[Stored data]
((
(* In the setting of a sequential changepoint problem with observations $X_1,X_2,\ldots$ independent, $X_t\sim P_{\theta_0}$ for $t\le T$ and $X_t\sim P_{\theta_1}$ for $t>T$, where $\theta_0\ne\theta_1\in\Theta$, $(\Theta,d)$ a metric space, suppose that $T<\infty$ and the pre-change parameter $\theta_0$ is known, and let $\tau$ be the stopping time of the BCS-Detector built from level-$(1-\alpha)$ confidence sequences with pointwise width $w(\cdot,\theta,\alpha)$. Then $$\mathbb{E}_T[(\tau-T)^+]\le\frac{3}{1-\alpha}\,t_0(\theta_0,\theta_1),$$ where $t_0(\theta_0,\theta_1):=\min\{t\ge1:\ w(t,\theta_1,\alpha)<d(\theta_1,\theta_0)\}$.
   Context: $\mathbb{E}_T$ denotes expectation when the change occurs at time $T$. A level-$(1-\alpha)$ confidence sequence is a sequence of sets $C_t\subset\Theta$, $C_t$ being $\sigma(X_1,\ldots,X_t)$-measurable, with $\mathbb{P}(\forall t:\theta\in C_t)\ge1-\alpha$ under i.i.d. data from $P_\theta$. For each $n\ge1$ a backward confidence sequence $\{B^{(n)}_t\}_{t\in[n]}$ is obtained by applying the same construction to the reversed data $X_n,X_{n-1},\ldots,X_1$ and re-indexing, so that $B^{(n)}_t$ is $\sigma(X_t,\ldots,X_n)$-measurable, with $\mathbb{P}(\forall t\in[n]:\theta\in B^{(n)}_t)\ge1-\alpha$ under i.i.d. data from $P_\theta$; all CSs are nested ($C_t\subset C_s$ and $B^{(n)}_s\subset B^{(n)}_t$ for $s<t$). Knowledge of $\theta_0$ means the forward sets contain $\theta_0$ for all $t<T$ with probability one (e.g. $C_t=\{\theta_0\}$). The BCS-Detector stops at $\tau=\inf\{n\ge1: C_n\cap B^{(n)}_1=\emptyset\}$. A function $w(t,\theta,\alpha)$ is a pointwise width if the confidence set built from $t$ i.i.d. observations from $P_\theta$ satisfies $\sup_{\theta'\in C_t}d(\theta,\theta')\le w(t,\theta,\alpha)$. *)

From HB Require Import structures.
From mathcomp Require Import all_boot all_order all_algebra.
From mathcomp Require Import all_classical all_reals all_analysis.
Set Implicit Arguments. Unset Strict Implicit. Unset Printing Implicit Defensive.
Import Order.TTheory GRing.Theory Num.Theory.
Import numFieldNormedType.Exports.
Local Open Scope classical_set_scope.
Local Open Scope ring_scope.

Section Defs.
Context {R : realType}.

Definition is_metric (Theta : Type) (d : Theta -> Theta -> R) : Prop :=
  [/\ forall x y, 0 <= d x y,
      forall x y, d x y = 0 <-> x = y,
      forall x y, d x y = d y x &
      forall x y z, d x z <= d x y + d y z].

Context {dX : measure_display} {X : measurableType dX}.

(* Observations are indexed from 0: Y i is the (i+1)-th observation X_{i+1}. *)
Definition obs_prefix {dO} {Omega : measurableType dO}
  (Y : nat -> Omega -> X) (n : nat) (w : Omega) : seq X :=
  [seq Y i w | i <- iota 0 n].

Definition mutually_independent {dO} {Omega : measurableType dO}
  (P : probability Omega R) (Y : nat -> Omega -> X) : Prop :=
  forall I : seq nat, uniq I ->
  forall A : nat -> set X, (forall i, measurable (A i)) ->
  P (\bigcap_(i in [set` I]) (Y i @^-1` A i)) =
  (\prod_(i <- I) P (Y i @^-1` A i))%E.

Definition iid_with_law {dO} {Omega : measurableType dO}
  (P : probability Omega R) (Y : nat -> Omega -> X) (Q : probability X R) : Prop :=
  [/\ forall i, measurable_fun [set: Omega] (Y i),
      mutually_independent P Y &
      forall i A, measurable A -> P (Y i @^-1` A) = Q A].

(* A confidence-set construction: CS xs is the confidence set computed from
   the data xs = [x_1; ...; x_t] (in this order).  Forward CS: C_t =
   CS [X_1;...;X_t]; backward CS: B^(n)_t = CS [X_n; X_{n-1}; ...; X_t]. *)

Definition CS_measurable (Theta : Type) (d : Theta -> Theta -> R)
  (CS : seq X -> set Theta) : Prop :=
  forall (n : nat) (th : Theta),
    measurable [set x : n.-tuple X | CS (tval x) th] /\
    forall r : R, measurable [set x : n.-tuple X |
                              forall th', CS (tval x) th' -> d th th' <= r].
))
Your instructions:
Within the records above, the line carrying "forall x y, d x y = 0" starts the range and the last line ends it. Set down that range exactly.

Problem solution:
      forall x y, d x y = 0 <-> x = y,
      forall x y, d x y = d y x &
      forall x y z, d x z <= d x y + d y z].

Context {dX : measure_display} {X : measurableType dX}.

(* Observations are indexed from 0: Y i is the (i+1)-th observation X_{i+1}. *)
Definition obs_prefix {dO} {Omega : measurableType dO}
  (Y : nat -> Omega -> X) (n : nat) (w : Omega) : seq X :=
  [seq Y i w | i <- iota 0 n].

Definition mutually_independent {dO} {Omega : measurableType dO}
  (P : probability Omega R) (Y : nat -> Omega -> X) : Prop :=
  forall I : seq nat, uniq I ->
  forall A : nat -> set X, (forall i, measurable (A i)) ->
  P (\bigcap_(i in [set` I]) (Y i @^-1` A i)) =
  (\prod_(i <- I) P (Y i @^-1` A i))%E.

Definition iid_with_law {dO} {Omega : measurableType dO}
  (P : probability Omega R) (Y : nat -> Omega -> X) (Q : probability X R) : Prop :=
  [/\ forall i, measurable_fun [set: Omega] (Y i),
      mutually_independent P Y &
      forall i A, measurable A -> P (Y i @^-1` A) = Q A].

(* A confidence-set construction: CS xs is the confidence set computed from
   the data xs = [x_1; ...; x_t] (in this order).  Forward CS: C_t =
   CS [X_1;...;X_t]; backward CS: B^(n)_t = CS [X_n; X_{n-1}; ...; X_t]. *)

Definition CS_measurable (Theta : Type) (d : Theta -> Theta -> R)
  (CS : seq X -> set Theta) : Prop :=
  forall (n : nat) (th : Theta),
    measurable [set x : n.-tuple X | CS (tval x) th] /\
    forall r : R, measurable [set x : n.-tuple X |
                              forall th', CS (tval x) th' -> d th th' <= r].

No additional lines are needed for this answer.